$f:{\mathbb{R}}^{+}\cup \left\{0\right\}\to \mathbb{R}$
$f(x)=\arcsin\left(\cos\sqrt{x}\right)+\arccos\left(\sin\sqrt{x}\right)$ then what is the derivative of function $f?$
A)$\frac{-1}{\sqrt{x}}$
B)$\frac{1}{\sqrt{x}}$
c)$\frac{1}{2\sqrt{x}}$
Here is my solution: I found derivative of function is $$\frac{-1}{2\sqrt{x}}\left(\frac{1}{\sin\sqrt{x}}+\frac{1}{\cos\sqrt{x}}\right).$$
But I can not reach the answer that given in question. Any help will be appreciated.

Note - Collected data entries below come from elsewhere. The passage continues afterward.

(* Applying preim_Lcomp to rep itself: saturated sets are closed under
   composition as soon as rep satisfies the lifting conditions. *)
Lemma saturatedLcomp r n (rep : atom r n -> atom r n)
  (lift : forall x' y' z, z \in comp_atom x' y' ->
     exists x y, [/\ rep x = rep (rep x'), rep y = rep (rep y') & rep z \in comp_atom x y])
  (descend : forall x y z, rep z \in comp_atom x y ->
     exists x' y', [/\ rep (rep x') = rep x, rep (rep y') = rep y & z \in comp_atom x' y'])
  X Y : saturated rep X -> saturated rep Y -> saturated rep (Lcomp X Y).
Proof.
move=> satX satY; have fix_sat Z : saturated rep Z -> rep @^-1: Z = Z.
  by move=> satZ; apply/setP => z; rewrite inE satZ.
move=> z; have := preim_Lcomp lift descend satX satY.
by rewrite !(fix_sat X, fix_sat Y) //; move/setP/(_ z); rewrite inE.
Qed.

Lemma iso_onto_image p q n (S1 : pred {set atom p n})
    (f : {set atom p n} -> {set atom q n}) :
  is_subalgebra S1 ->
  (forall X Y, S1 X -> S1 Y -> f X = f Y -> X = Y) ->
  f (Lid p n) = Lid q n ->
  (forall X Y, S1 X -> S1 Y -> f (X :|: Y) = f X :|: f Y) ->
  (forall X, S1 X -> f (~: X) = ~: f X) ->
  (forall X Y, S1 X -> S1 Y -> f (Lcomp X Y) = Lcomp (f X) (f Y)) ->
  exists S, is_subalgebra S /\ is_iso_between S1 S f.
Proof.
move=> [S1id S1U S1C S1comp _] f_inj f_id fU fC fcomp.
pose S := fun Y => [exists X, S1 X && (f X == Y)].
have SP X : S1 X -> S (f X) by move=> S1X; apply/existsP; exists X; rewrite S1X eqxx.
have imP Y : S Y -> exists2 X, S1 X & f X = Y.
  by case/existsP=> X /andP[S1X /eqP <-]; exists X.
exists S; split.
  split=> // [|Y1 Y2 /imP[X1 S1X1 <-] /imP[X2 S1X2 <-]|Y /imP[X S1X <-]|
              Y1 Y2 /imP[X1 S1X1 <-] /imP[X2 S1X2 <-]].
  - by rewrite -f_id; apply: SP.
  - by rewrite -fU //; apply: SP; apply: S1U.
  - by rewrite -fC //; apply: SP; apply: S1C.
  - by rewrite -fcomp //; apply: SP; apply: S1comp.
by do !split=> //; apply: imP.
Qed.

Section Collapse.
Variables (p n : nat) (i j : 'I_p.+1).

Definition collapsed q (m : 'I_q.+1) : bool :=
  [|| val m == val i, val m == val j | p < m].

Definition collapse_idx q (m : 'I_q.+1) : 'I_p.+1 :=
  if collapsed m then i else inord m.

(* The collapse map h from the atoms of L(q,n) to those of L(p,n); for
   q = p it is the representative map of the identification a_i ~ a_j. *)
Definition collapse q (z : atom q n) : atom p n :=
  match z with
  | Some (inl m) => aA (collapse_idx m)
  | Some (inr k) => tA k
  | None => idA
  end.

Local Notation ridx := (@collapse_idx p).
Local Notation rep := (@collapse p).

Lemma val_collapse_idx q (m : 'I_q.+1) :
  val (collapse_idx m) = if collapsed m then val i else val m.
Proof.
by rewrite /collapse_idx; case: ifP => // /norP[_ /norP[_]]; rewrite -leqNgt => /inordK.
Qed.

Lemma ridxE a : ridx a = if a == j then i else a.
Proof.
apply: val_inj; rewrite val_collapse_idx /collapsed (ltn_geF (ltn_ord a)) orbF.
case: (a =P j) => [-> | /eqP Naj]; first by rewrite eqxx orbT.
by case: (val a =P val i) => [-> //|]; rewrite val_eqE (negbTE Naj).
Qed.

Applying the chain rule we get: $\\ f'(x)=\frac{1}{\sqrt{1-(\cos\sqrt{x})^2}}\cdot (-\sin\sqrt{x})\cdot\frac{1}{2\cdot\sqrt{x}}-\frac{1}{\sqrt{1-(\sin\sqrt{x})^2}}\cdot (\cos\sqrt{x})\cdot\frac{1}{2\cdot\sqrt{x}}=\\=-\frac{1}{2\cdot\sqrt{x}}\cdot(\frac{\sin\sqrt{x}}{|\sin\sqrt{x}|}+\frac{\cos\sqrt{x}}{|\cos\sqrt{x}|})$
So the correct answer, as @Bernard Massé was saying, is the first one, but only in the interval $(0,(\frac{\pi}{2})^2)$, where both $\sin\sqrt{x}$ and $\cos\sqrt{x}$ are positive..
Hint:
$$f(x)=\arcsin(\cos\sqrt x)+\dfrac\pi2-\arcsin(\sin\sqrt x)$$
$$=\dfrac\pi2+\arcsin(\cos\sqrt x)+\arcsin(-\sin\sqrt x)$$
Using Proof for the formula of sum of arcsine functions $ \arcsin x + \arcsin y $,
$$f(x)=\dfrac\pi2+\arcsin\left(\cos\sqrt x|\sin\sqrt x|-\sin\sqrt x|\cos\sqrt x|\right) $$
as here $x=\cos\sqrt x,y=-\sin\sqrt x\implies x^2+y^2=1$
Now use $|u|=\begin{cases}u&\mbox{if } u>0 \\-u &u\le0\end{cases}$
For example if $\cos\sqrt x,\sin\sqrt x$ have the same sign $\iff n\pi\le\sqrt x\le n\pi+\dfrac\pi2$ where $n$ is any integer
$$f(x)=\dfrac\pi2+\arcsin0=?$$
Can you take it from here?
Shortcut solution:
$$\arcsin\left(\cos(\sqrt{x})\right)+\arccos\left(\sin(\sqrt{x})\right) \\=\arcsin\left(\sin\left(\frac\pi2-\sqrt{x}\right)\right)+\arccos\left(\cos\left(\frac\pi2-\sqrt{x}\right)\right).$$
Using this transformation, the rest is easy.